A contextualização é motivada a propósito da discussão da manhã deste sábado (02) entre credores das empresas de Collor, em que um jurista faz a distinção entre a condição que o sócio majoritário das empresas tinha até o ano passado.

“Um cidadão comum que comete crime é julgado primeiro por um juiz comum”, ensina o operador do direito ouvido na discussão.

“Em caso de condenação ele recorre ao TJ, depois ao STJ e excepcionalmente ao STF”, acrescenta.

“Teoricamente um político que comete um crime durante o mandato já sai na ‘desvantagem’, porque o processo dele já pula as instâncias todas”, diz.

O problema – enfatiza o jurista, referindo-se ao Judiciário brasileiro – é que, na prática o STF, o STJ e demais tribunais só costumam pautar esses julgamentos quando o político está sem mandato.

A influência política no meio jurídico faz com que esses julgamentos só entrem em pauta quando há interesse (mais político que jurídico) – geralmente, para atacar adversários.

O Ministério Público de Alagoas, após denúncias de advogados de credores (de renomados escritórios do Rio Grande do Sul ao Distrito Federal), que se engajaram na causa, em defesa dos credores – pelo que viram de absurdos –, emitiu parecer reconhecendo que há supostos crimes contra a lei de falências na operação que as empresas de Collor armaram parta evitar a falência.

Os crimes teriam sido cometidos quando era senador.

“Sendo senador, a Constituição diz que ele já é julgado direto no STF”.

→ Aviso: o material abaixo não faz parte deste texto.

(* Let $x\in A$ with $x>1$, and let $y$ be the largest element of $A$ that is less than $x$. Let $n\ge 1$, let $P_x$ be the position of $\mathrm{AGG}(n,A)$ with one cell containing a tile of value $x$ and $n-1$ empty cells, and define $P_y$ similarly. Then $P_x$ is reachable in $\mathrm{AGG}(n,A)$ if and only if both of the following hold: (1) $P_y$ is reachable in $\mathrm{AGG}(n,A)$; (2) some position of total value exactly $x-y$ is reachable in $\mathrm{AGG}(n-1,A)$.
   Context: Let $A$ be a set of positive integers with $1\in A$ (the allowed tile values). For an integer $n\ge 0$, the abstract generalized 2048 game $\mathrm{AGG}(n,A)$ is played on $n$ indistinguishable cells. A position assigns to each cell either nothing (the cell is empty) or a tile carrying a value in $A$. The initial position has all cells empty. A step, which can be performed from any position having at least one empty cell, consists of: (i) placing a new tile of value $1$ into a chosen empty cell; then (ii) optionally choosing any collection of pairwise disjoint sets of nonempty cells such that the sum of the tile values in each chosen set belongs to $A$, and merging each chosen set into a single tile, whose value is that sum, placed in one cell of the set, the other cells of the set becoming empty. The game ends when, after a step, all cells are nonempty (no further step is then possible). A position is reachable if it can be obtained from the initial position by a finite sequence of steps. The total value of a position is the sum of the values of its tiles. ($\mathrm{AGG}(0,A)$ has only the empty position, of total value $0$.) *)

From mathcomp Require Import all_boot.
Set Implicit Arguments. Unset Strict Implicit. Unset Printing Implicit Defensive.

(* Since cells are indistinguishable, a position of AGG(n,A) is represented by
   the list of the values of its nonempty cells (order irrelevant; positions
   are compared up to permutation).  The number of empty cells is
   n - size p.  The set A of allowed values is a predicate on nat. *)

(* One step (requires an empty cell, i.e. size p < n): add a tile 1, then
   partition the tiles into blocks; every block of size >= 2 is a chosen set
   merged into one tile of value its sum (which must lie in A); singleton
   blocks are untouched tiles. *)
Definition agg_step (n : nat) (A : pred nat) (p q : seq nat) : Prop :=
  size p < n /\
  exists bs : seq (seq nat),
    [/\ perm_eq (flatten bs) (1 :: p),
        all (fun b => b != [::]) bs,
        all (fun b => (1 < size b) ==> A (sumn b)) bs &
        perm_eq q (map sumn bs)].

Inductive agg_reachable (n : nat) (A : pred nat) : seq nat -> Prop :=
| agg_reach_init : agg_reachable n A [::]
| agg_reach_step p q : agg_reachable n A p -> agg_step n A p q ->
    agg_reachable n A q.

Definition total_value (p : seq nat) : nat := sumn p.

From mathcomp Require Import all_boot zify.

Set Implicit Arguments. Unset Strict Implicit. Unset Printing Implicit Defensive.

(* Reachable totals are downward closed (stop one step earlier), and a reachable
   position whose total lies in A can merge everything in its last step; this
   gives P_y from P_x.  Conversely, a play of AGG(n-1,A) runs unchanged beside a
   tile y, and its last step can merge everything into y + (x - y) = x.
   For the remaining implication, follow the tile v into which the first tile
   of a play has been merged: the other tiles are always coarsenings of a
   position of AGG(n-1,A) with an empty cell.  Just before P_x we have v <= y,
   so AGG(n-1,A) reaches every total up to (x - 1 - v) + 1 >= x - y. *)

Section PermMap.
Variables (T U : eqType) (f : T -> U).

Lemma perm_map_inv s t :
  perm_eq (map f s) t -> exists2 s', perm_eq s s' & map f s' = t.
Proof.
elim: t s => [|y t IHt] s eq_st.
  by exists s => //; apply/size0nil; rewrite (perm_size eq_st).
have : y \in map f s by rewrite (perm_mem eq_st) mem_head.
case/mapP=> a s_a y_fa; rewrite {y}y_fa in eq_st *.
have eq_s_rem := perm_to_rem s_a.
have [s' eq_rem_s' <-] : exists2 s', perm_eq (rem a s) s' & map f s' = t.
  apply: IHt; rewrite -(perm_cons (f a)) -/(map f (a :: rem a s)).
  by apply: perm_trans eq_st; rewrite perm_sym perm_map.
by exists (a :: s'); rewrite // (perm_trans eq_s_rem) ?perm_cons.
Qed.

Lemma perm_map_catP s X Y : perm_eq (map f s) (X ++ Y) ->
  exists s1 s2, [/\ perm_eq s (s1 ++ s2), map f s1 = X & map f s2 = Y].
Proof.
case/perm_map_inv=> s' eq_ss' map_s'.
exists (take (size X) s'), (drop (size X) s'); rewrite cat_take_drop.
by rewrite map_take map_drop map_s' take_size_cat // drop_size_cat.
Qed.

End PermMap.

Lemma perm_cons_catP (T : eqType) (a : T) s R D : perm_eq (a :: s) (R ++ D) ->
  perm_eq s (rem a R ++ D) \/ a \in D /\ perm_eq s (R ++ rem a D).
Proof.
move=> eq_as; have [R_a | R'a] := boolP (a \in R).
  left; rewrite -(perm_cons a) (perm_trans eq_as) //.
  by rewrite -cat_cons perm_cat2r perm_to_rem.
have : a \in R ++ D by rewrite -(perm_mem eq_as) mem_head.
rewrite mem_cat (negbTE R'a) /= => D_a.
right; split=> //; rewrite -(perm_cons a) (perm_trans eq_as) //.
by rewrite -cat1s perm_sym perm_catCA perm_cat2l perm_sym perm_to_rem.
Qed.

Section Merges.
Variable A : pred nat.

Definition valid_block (b : seq nat) : bool :=
  (b != [::]) && ((1 < size b) ==> A (sumn b)).

Definition merges (p q : seq nat) : Prop :=
  exists bs, [/\ all valid_block bs, perm_eq (flatten bs) p & perm_eq (map sumn bs) q].

Lemma agg_stepE n p q : agg_step n A p q <-> size p < n /\ merges (1 :: p) q.
Proof.
rewrite /agg_step /merges; split=> -[lt_pn [bs bs_def]]; split=> //.
  case: bs_def => eq_bs ne_bs A_bs eq_q; exists bs; split=> //; last by rewrite perm_sym.
  by apply/allP=> b bs_b; rewrite /valid_block (allP ne_bs) ?(allP A_bs).
case: bs_def => valid_bs eq_bs eq_q; exists bs; split=> //; last by rewrite perm_sym.
  by apply/allP=> b /(allP valid_bs)/andP[].
by apply/allP=> b /(allP valid_bs)/andP[].
Qed.

Lemma merges_perm p p' q q' :
  perm_eq p p' -> perm_eq q q' -> merges p q -> merges p' q'.
Proof.
move=> eq_p eq_q [bs [valid_bs eq_bs eq_bsq]].
by exists bs; rewrite valid_bs (perm_trans eq_bs) ?(perm_trans eq_bsq).
Qed.

Lemma merges_flatten bs : all valid_block bs -> merges (flatten bs) (map sumn bs).
Proof. by exists bs. Qed.

Lemma merges_cat p1 q1 p2 q2 :
  merges p1 q1 -> merges p2 q2 -> merges (p1 ++ p2) (q1 ++ q2).
Proof.
move=> [bs1 [valid1 eq_p1 eq_q1]] [bs2 [valid2 eq_p2 eq_q2]].
by exists (bs1 ++ bs2); rewrite all_cat valid1 valid2 flatten_cat map_cat !perm_cat.
Qed.

Lemma merges_refl p : merges p p.
Proof.
elim: p => [|a p IHp]; first by exists [::].
by apply: (@merges_cat [:: a] [:: a]) IHp; exists [:: [:: a]]; rewrite /= addn0.
Qed.

Lemma merges_sumn p q : merges p q -> sumn q = sumn p.
Proof.
by case=> bs [_ eq_p eq_q]; rewrite -(perm_sumn eq_q) -sumn_flatten (perm_sumn eq_p).
Qed.

Lemma merges_size p q : merges p q -> size q <= size p.
Proof.
case=> bs [valid_bs eq_p eq_q]; rewrite -(perm_size eq_q) -(perm_size eq_p) size_map.
elim: bs valid_bs {eq_p eq_q} => //= b bs IHbs /andP[/andP[ne_b _] /IHbs].
by rewrite size_cat -add1n; apply: leq_add; rewrite lt0n size_eq0.
Qed.

Lemma merges_one b : valid_block b -> merges b [:: sumn b].
Proof. by exists [:: b]; rewrite /= andbT cats0. Qed.

Lemma valid_block_flatten gs :
  all valid_block gs -> valid_block (map sumn gs) -> valid_block (flatten gs).
Proof.
case: gs => [|g [|g' gs]] //=; first by rewrite cats0 andbT.
move=> /andP[/andP[ne_g _] _] /andP[_ /= A_sum].
rewrite /valid_block -[g ++ _]/(flatten [:: g, g' & gs]) sumn_flatten A_sum implybT.
by case: g ne_g {A_sum}.
Qed.

Lemma merges_blocks gs bs :
    all valid_block gs -> all valid_block bs -> perm_eq (flatten bs) (map sumn gs) ->
  merges (flatten gs) (map sumn bs).
Proof.
elim: bs gs => [|b bs IHbs] gs valid_gs /=.
  by move=> _; rewrite perm_sym => /perm_nilP; case: gs {valid_gs} => // _; apply: merges_refl.
case/andP=> valid_b valid_bs; rewrite perm_sym.
case/perm_map_catP=> gs1 [gs2 [eq_gs def_b eq_bs]]; subst b.
have /andP[valid_gs1 valid_gs2] : all valid_block gs1 && all valid_block gs2.
  by rewrite -all_cat -(perm_all _ eq_gs).
have eq_flat : perm_eq (flatten (gs1 ++ gs2)) (flatten gs) by rewrite perm_sym perm_flatten.
apply: merges_perm eq_flat (perm_refl _) _.
rewrite flatten_cat -cat1s; apply: merges_cat; last by apply: IHbs; rewrite ?eq_bs.
by rewrite -sumn_flatten; apply: merges_one; apply: valid_block_flatten.
Qed.

Lemma merges_trans p q r : merges p q -> merges q r -> merges p r.
Proof.
case=> gs [valid_gs eq_gs eq_q] [bs [valid_bs eq_bs eq_r]].
apply: merges_perm eq_gs eq_r _; apply: merges_blocks => //.
by rewrite (perm_trans eq_bs) // perm_sym.
Qed.

Lemma merges_all p q : all A p -> merges p q -> all A q.
Proof.
move=> A_p [bs [valid_bs eq_p eq_q]]; rewrite -(perm_all _ eq_q).
apply/allP=> _ /mapP[b bs_b ->]; have /andP[ne_b A_b] := allP valid_bs b bs_b.
case: b ne_b A_b bs_b => [//|t [|t' b]] _ //= _ bs_t; rewrite addn0.
apply: (allP A_p); rewrite -(perm_mem eq_p); apply/flattenP.
by exists [:: t]; rewrite ?mem_head.
Qed.

End Merges.

Section Reachable.
Variables (n : nat) (A : pred nat).

Lemma agg_reachable_inv q : agg_reachable n A q -> q != [::] ->
  exists2 p, agg_reachable n A p & agg_step n A p q.
Proof. by case=> [|p q' reach_p step_pq] //; exists p. Qed.

Lemma agg_step_sumn p q : agg_step n A p q -> sumn q = (sumn p).+1.
Proof. by case/agg_stepE=> _ /merges_sumn. Qed.

Lemma agg_step_add1 p : size p < n -> agg_step n A p (1 :: p).
Proof. by move=> lt_pn; apply/agg_stepE; split; last exact: merges_refl. Qed.

Lemma agg_reachable_sumn_le q k : agg_reachable n A q -> k <= sumn q ->
  exists2 q', agg_reachable n A q' & sumn q' = k.
Proof.
elim: q / => [|p q reach_p IHp step_pq].
  by rewrite leqn0 => /eqP->; exists [::]; first exact: agg_reach_init.
rewrite (agg_step_sumn step_pq) leq_eqVlt ltnS => /predU1P[-> | /IHp //].
by exists q; [apply: agg_reach_step step_pq | rewrite (agg_step_sumn step_pq)].
Qed.

Lemma agg_reachable_all q : A 1 -> agg_reachable n A q -> all A q.
Proof.
move=> A1; elim=> [//|p {}q _ A_p /agg_stepE[_]].
by apply: merges_all; rewrite /= A1.
Qed.

Lemma agg_reachable_merge_all q : agg_reachable n A q -> 0 < sumn q -> A (sumn q) ->
  agg_reachable n A [:: sumn q].
Proof.
move=> reach_q sumn_gt0 A_q; have ne_q : q != [::] by case: q sumn_gt0 {reach_q A_q}.
have [p reach_p /agg_stepE[lt_pn merge_pq]] := agg_reachable_inv reach_q ne_q.
apply: agg_reach_step reach_p _; apply/agg_stepE; split=> //.
by apply: merges_trans merge_pq _; apply: merges_one; rewrite /valid_block ne_q A_q implybT.
Qed.

End Reachable.

Lemma agg_step_cons n A y p q : agg_step n.-1 A p q -> agg_step n A (y :: p) (y :: q).
Proof.
case/agg_stepE=> lt_pn merge_pq; apply/agg_stepE; split; first by rewrite /=; lia.
have swap_y1 : perm_eq [:: y, 1 & p] [:: 1, y & p] by rewrite (perm_catCA [:: y] [:: 1]).
exact: merges_perm swap_y1 (perm_refl _) (merges_cat (merges_refl A [:: y]) merge_pq).
Qed.

Lemma agg_reachable_cons n A y p :
  agg_reachable n A [:: y] -> agg_reachable n.-1 A p -> agg_reachable n A (y :: p).
Proof.
move=> reach_y; elim=> [//|p' q _ reach_yp' /(agg_step_cons y)].
exact: agg_reach_step.
Qed.

Definition coarse_reachable m A (B : seq nat) : Prop :=
  exists Q, [/\ agg_reachable m A Q, size Q < m & merges A Q B].

Lemma coarse_reachable_merges m A S B :
  coarse_reachable m A S -> merges A S B -> coarse_reachable m A B.
Proof.
by case=> Q [reach_Q lt_Qm merge_QS] merge_SB; exists Q; split=> //; apply: merges_trans merge_SB.
Qed.

Lemma coarse_reachable_add1 m A S B :
  coarse_reachable m A S -> merges A (1 :: S) B -> size B < m -> coarse_reachable m A B.
Proof.
case=> Q [reach_Q lt_Qm merge_QS] merge_SB lt_Bm; exists B; split=> //; last exact: merges_refl.
apply: agg_reach_step reach_Q _; apply/agg_stepE; split=> //.
exact: merges_trans (merges_cat (merges_refl A [:: 1]) merge_QS) merge_SB.
Qed.

(* [v] is the tile into which the first tile ever placed has been merged; all
   other tiles of the position are simulated on [n.-1] cells. *)
Definition first_tile_split n A (q : seq nat) : Prop :=
  exists v rest, perm_eq q (v :: rest) /\
    forall R B, perm_eq rest (R ++ B) -> coarse_reachable n.-1 A B.

Lemma first_tile_split1 n A : 1 < n -> first_tile_split n A [:: 1].
Proof.
move=> lt1n; exists 1, [::]; split=> // R B /perm_size/esym/eqP.
rewrite size_cat addn_eq0 !size_eq0 => /andP[_ /eqP->]; exists [::].
by split; [apply: agg_reach_init | rewrite -subn1 subn_gt0 | apply: merges_refl].
Qed.

Lemma first_tile_split_step n A p q :
  first_tile_split n A p -> merges A (1 :: p) q -> size q < n -> first_tile_split n A q.
Proof.
move=> [v [rest [eq_p sim_rest]]] [bs [valid_bs eq_bs eq_q]] lt_qn.
have /flattenP[b0 bs_b0 b0_v] : v \in flatten bs.
  by rewrite (perm_mem eq_bs) inE (perm_mem eq_p) mem_head orbT.
have eq_bs_b0 := perm_to_rem bs_b0.
exists (sumn b0), (map sumn (rem b0 bs)); split.
  by rewrite perm_sym in eq_q; apply: perm_trans eq_q (perm_map sumn eq_bs_b0).
move=> R' B' /perm_map_catP[bsR [bsB [eq_rem _ <-]]].
have eq_bs_split : perm_eq bs (b0 :: bsR ++ bsB) by rewrite (perm_trans eq_bs_b0) ?perm_cons.
have /andP[_ valid_bsB] : all (valid_block A) bsR && all (valid_block A) bsB.
  by rewrite -all_cat; move: valid_bs; rewrite (perm_all _ eq_bs_split) => /andP[].
have eq_tiles : perm_eq (1 :: rest) ((rem v b0 ++ flatten bsR) ++ flatten bsB).
  rewrite -(perm_cons v) -catA -cat_cons.
  apply: (@perm_trans _ (b0 ++ flatten bsR ++ flatten bsB)); last first.
    by rewrite perm_cat2r perm_to_rem.
  apply: (@perm_trans _ (1 :: p)); first by rewrite (perm_catCA [:: v] [:: 1]) perm_cons perm_sym.
  rewrite -flatten_cat -[b0 ++ _]/(flatten (b0 :: _)); rewrite perm_sym in eq_bs.
  exact: perm_trans eq_bs (perm_flatten eq_bs_split).
have merge_B := merges_flatten valid_bsB.
have [eq_rest | [bsB_1 eq_rest]] := perm_cons_catP eq_tiles.
  exact: coarse_reachable_merges (sim_rest _ _ eq_rest) merge_B.
apply: coarse_reachable_add1 (sim_rest _ _ eq_rest) _ _.
  exact: merges_perm (perm_to_rem bsB_1) (perm_refl _) merge_B.
move: lt_qn; rewrite -(perm_size eq_q) size_map (perm_size eq_bs_split) /= size_cat size_map.
lia.
Qed.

“Ou seja, é uma ‘desvantagem’ porque ele já é julgado na última instância diretamente”.

Mas, isso apenas em tese, porque, na prática, o tribunal se sentou nesse processo e só resolveu colocar em pauta quando ele perdeu o mandato, meio como vingança, pela aliança com Bolsonaro.

“Então ele tem direito a um único recurso – para o próprio STF; depois disso, teoricamente ele será preso”.

Teoricamente, porque, como mostra a demora no próprio processo para as empresas de Collor evitarem a falência, a decisão virá “se o crime não estiver prescrito” antes.

Vai depender de o STF julgar logo

A prescrição dos crimes de corrupção passiva e lavagem de dinheiro no Brasil se dá após 16 anos.

Porém, como Collor já tem mais de 70 anos, esse prazo para a prescrição cai pela metade.

Então o STF tem oito nos para julgar esse recurso – ou ele nunca será preso.

Como a própria justiça brasileira tem se empenhado em demonstrar – mesmo que não seja sua intenção; o que mostra é a prática, a realidade, bem mais efetiva: não importa a instância que julga, o que importa é a condição social do cidadão – aliás, da pessoa; já que visto sob tal prisma, é mais cidadão para julgadores e demais autoridades quem tem poder e dinheiro.

Como diz o bordão: “todos são iguais perante a lei – porém, uns ‘são mais iguais’ que outros”.

Ou: “levo ou deixo ‘os pato’, doutor?”